The answer filed by the Rock Island Company in that action raised several defenses and it is not apparent from the record now before the court upon which of the issues thus raised the learned federal court directed the verdict. But it is sufficient to say the record shows that the case was fully heard and tried upon the merits, resulting in a judicial finding against the plaintiff, Sarah Packard.
Upon February 9, 1899, within a day or two of the expiration of one year from the death of said James I. Packard, and during the pendency of the first mentioned action, brought by his widow, these plaintiffs, as his minor children, by the said Sarah Packard as next friend, filed the present action in the Jackson circuit *426court against the Hannibal & St. Joseph Railroad by which they also sought to appropriate the benefits of said statute, and to. claim the penalty therein defined. In their petition, they alleg*e, not that their mother had failed to sue, as the wording of the statute runs, but that she had failed to sue this defendant, the Hannibal Company, within six months, whereby, as it is claimed by them, the statutory right of action had passed to and became vested in the minor children. Thus is presented the situation of two actions pending between February 9,1899, and December 12,1899, the one by the widow against the Rock Island Company, and the other, by the minor children, against the Hannibal Company, and both based upon the same identical cause of action, to-wit, the death of James I. Packard.

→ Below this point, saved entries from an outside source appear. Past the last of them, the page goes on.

(* The rate of [gamma R] at a crossing, [x' (beta + x beta_x)] with [x' ~ - gamma y],
   perturbed by the cross term [x beta_y y'] where [y' ~ 0]. *)
Lemma perturbed_rate_neg (g b A a B dxc K byc dyc : R) :
  0 < g -> 0 < b -> 0 < A -> 0 < a -> 0 < B ->
  dxc < - (g * b / 2) -> A / 2 < K -> Rabs byc <= B ->
  Rabs dyc < g * b * A / (8 * a * B) ->
  dxc * K + a * byc * dyc < 0.
Proof.
  intros Hg Hb HA Ha HB Hdx HK Hby Hdy.
  assert (Hgb : 0 < g * b) by (apply Rmult_lt_0_compat; lra).
  assert (0 < (- (g * b / 2) - dxc) * K) by (apply Rmult_lt_0_compat; lra).
  assert (0 < g * b * (K - A / 2)) by (apply Rmult_lt_0_compat; lra).
  assert (Hsecond : Rabs (a * byc * dyc) <= g * b * A / 8).
  { rewrite !Rabs_mult, (Rabs_right a) by lra.
    apply Rle_trans with (a * B * (g * b * A / (8 * a * B))).
    - apply Rmult_le_compat;
        [apply Rmult_le_pos; [lra | apply Rabs_pos] | apply Rabs_pos
        | apply Rmult_le_compat_l; lra | lra].
    - right. field. lra. }
  pose proof (Rle_abs (a * byc * dyc)).
  assert (0 < g * b * A) by (apply Rmult_lt_0_compat; lra).
  nra.
Qed.

Section BFSIR_trajectory.
Variables (gamma : R) (beta bx by_ : R -> R -> R) (x0 y0 : R) (x y : R -> R).
Hypothesis Hgamma : 0 < gamma.
Hypothesis Hbeta : forall a b, inS a b -> 0 < beta a b.
Hypothesis HC1 : C1_on_S beta bx by_.
Hypothesis Hmono : forall a b, inS a b -> a * bx a b + beta a b > 0.
Hypothesis Hy0 : 0 < y0.
Hypothesis Hsol : is_BFSIR_solution gamma beta x0 y0 x y.

Definition repro (t : R) : R := Rnum gamma beta (x t) (y t).
Definition dx (t : R) : R := - gamma * repro t * y t.
Definition dy (t : R) : R := gamma * (repro t - 1) * y t.

Lemma x_at_0 : x 0 = x0. Proof. apply Hsol. Qed.
Lemma y_at_0 : y 0 = y0. Proof. apply Hsol. Qed.
Lemma traj_inS t : 0 <= t -> inS (x t) (y t). Proof. apply Hsol. Qed.
Lemma x_derive t : 0 < t -> is_derive x t (dx t). Proof. apply Hsol. Qed.
Lemma y_derive t : 0 < t -> is_derive y t (dy t). Proof. apply Hsol. Qed.

Lemma x_continuous c : 0 <= c -> continuous_nonneg x c.
Proof.
  apply (continuous_nonneg_solution x dx); [| exact x_derive].
  rewrite x_at_0. apply Hsol.
Qed.

Lemma y_continuous c : 0 <= c -> continuous_nonneg y c.
Proof.
  apply (continuous_nonneg_solution y dy); [| exact y_derive].
  rewrite y_at_0. apply Hsol.
Qed.

Lemma beta_traj_continuous c : 0 <= c ->
  continuous_nonneg (fun t => beta (x t) (y t)) c.
Proof.
  intros Hc. apply (C1_on_S_continuous_along beta bx by_ HC1 x y);
    [exact (traj_inS c Hc) | | exact (x_continuous c Hc) | exact (y_continuous c Hc)].
  exact (filter_forall (F := locally c) _ traj_inS).
Qed.

Lemma repro_continuous c : 0 <= c -> continuous_nonneg repro c.
Proof.
  intros Hc. unfold repro, Rnum.
  apply continuous_nonneg_mult; [| exact (x_continuous c Hc)].
  apply continuous_nonneg_mult; [apply continuous_nonneg_const|].
  exact (beta_traj_continuous c Hc).
Qed.

Lemma repro_minus_1_continuous c : 0 <= c ->
  continuous_nonneg (fun t => repro t - 1) c.
Proof.
  intros Hc. apply continuous_nonneg_plus;
    [exact (repro_continuous c Hc) | apply continuous_nonneg_const].
Qed.

Lemma dx_continuous c : 0 <= c -> continuous_nonneg dx c.
Proof.
  intros Hc. unfold dx. apply continuous_nonneg_mult; [| exact (y_continuous c Hc)].
  apply continuous_nonneg_mult; [apply continuous_nonneg_const | exact (repro_continuous c Hc)].
Qed.

Lemma dy_continuous c : 0 <= c -> continuous_nonneg dy c.
Proof.
  intros Hc. unfold dy. apply continuous_nonneg_mult; [| exact (y_continuous c Hc)].
  apply continuous_nonneg_mult;
    [apply continuous_nonneg_const | exact (repro_minus_1_continuous c Hc)].
Qed.

Lemma repro_nonneg t : 0 <= t -> 0 <= repro t.
Proof.
  intros Ht. pose proof (traj_inS t Ht) as HS. pose proof (Hbeta _ _ HS).
  unfold repro, Rnum, inS in *. pose proof (Rinv_0_lt_compat gamma Hgamma).
  apply Rmult_le_pos; [apply Rmult_le_pos |]; lra.
Qed.
Lemma pauli_plabel1 n : pauli R (plabel1 n) = 1%:M.
Proof.
apply/matrixP => i j; rewrite !mxE.
have [/existsP [k neq_k] | /existsPn eq_bits] := boolP [exists k : 'I_n, qbit k i != qbit k j].
  rewrite (bigD1 k) //= ffunE /pauli1 /= (negbTE neq_k) mul0r.
  by case: eqP => // eq_ij; move: neq_k; rewrite eq_ij eqxx.
have -> : i = j by apply: qbit_inj => k; apply/eqP; rewrite -[_ == _]negbK eq_bits.
by rewrite eqxx big1 // => k _; rewrite ffunE /pauli1 /= eqxx.
Qed.

End PauliProduct.

Section LabelGroup.
Variable n : nat.
Implicit Types (u v : plabel n) (S X : {set plabel n}).

Lemma plabel_mulA : associative (@plabel_mul n).
Proof. by move=> u v w; apply/ffunP => k; rewrite !ffunE letter_mulA. Qed.

Lemma plabel_mulC : commutative (@plabel_mul n).
Proof. by move=> u v; apply/ffunP => k; rewrite !ffunE letter_mulC. Qed.

Lemma plabel_mul1 : left_id (plabel1 n) (@plabel_mul n).
Proof. by move=> u; apply/ffunP => k; rewrite !ffunE letter_mul1. Qed.

Lemma plabel_mulxx : self_inverse (plabel1 n) (@plabel_mul n).
Proof. by move=> u; apply/ffunP => k; rewrite !ffunE letter_mulxx. Qed.

HB.instance Definition _ := Monoid.isComLaw.Build (plabel n) (plabel1 n) (@plabel_mul n)
  plabel_mulA plabel_mulC plabel_mul1.

Definition plabel_prod X := \big[@plabel_mul n/plabel1 n]_(v in X) v.

(* The subgroup generated by S: as all labels are involutions, it consists of
   the products of the subsets of S. *)
Definition plabel_gen S := plabel_prod @: powerset S.

Lemma plabel_gen1 S : plabel1 n \in plabel_gen S.
Proof.
apply/imsetP; exists finset.set0; first by rewrite powersetE finset.sub0set.
by rewrite /plabel_prod big_set0.
Qed.

Lemma plabel_gen_sub S : S \subset plabel_gen S.
Proof.
apply/fintype.subsetP => v Sv; apply/imsetP; exists [set v]; first by rewrite powersetE finset.sub1set.
by rewrite /plabel_prod big_set1.
Qed.

Lemma plabel_prodD X Y :
  plabel_mul (plabel_prod X) (plabel_prod Y) = plabel_prod ((X :\: Y) :|: (Y :\: X)).
Proof.
rewrite /plabel_prod (big_setID Y) (big_setID (A := Y) X) finset.setIC /=.
rewrite Monoid.mulmACA /= plabel_mulxx plabel_mul1 (big_setID (A := _ :|: _) X).
congr (plabel_mul _ _); apply: eq_bigl => w; rewrite !inE;
  by case: (w \in X); case: (w \in Y).
Qed.

Lemma plabel_genM S u v :
  u \in plabel_gen S -> v \in plabel_gen S -> plabel_mul u v \in plabel_gen S.
Proof.
move=> /imsetP [X + ->] /imsetP [Y + ->]; rewrite !powersetE => sXS sYS.
rewrite plabel_prodD; apply/imsetP; exists ((X :\: Y) :|: (Y :\: X)) => //.
by rewrite powersetE finset.subUset !(fintype.subset_trans (finset.subsetDl _ _)).
Qed.

Lemma card_plabel_gen S : (#|plabel_gen S| <= 2 ^ #|S|)%N.
Proof. by rewrite -card_powerset leq_imset_card. Qed.

End LabelGroup.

Under the admissions made by the plaintiffs’ petition and reply the trial court upon the motion made by .the defendant, the Hannibal Company, for a judgment on the pleadings, rendered the judgment prayed for, holding that inasmuch as the pleadings in the case showed as a matter of fact that the widow did sue before the six months had elapsed, she had under the statute appropriated the cause of action, and thereby deprived her children of the right to maintain an action in their own behalf; that her intention to appropriate the benefits of the statute was manifested in the most solemn manner possible by bringing her action against the Rock Island Company, and whether she was right or wrong in her selection of the defendant was not material. Her error, if such it was, was a mistake of law, and did not alter the fact that she had elected to appropriate the benefit of the statute and bring the action and had thereby deprived her children of that right.
I. The right of action given by section 2864, Revised Statutes 1899, for the death of the father of the plaintiffs, is a single, indivisible right to sue all the guilty parties. It rests in the widow or the minor *427children under the limitations fixed by the statute and can not and does not exist concurrently in the widow and the children. [Coover v. Moore, 31 Mo. 574; Kennedy v. Burrier, 36 Mo. 128; McNamara v. Slavens, 76 Mo. 330; Barker v. Railroad, 91 Mo. 86.]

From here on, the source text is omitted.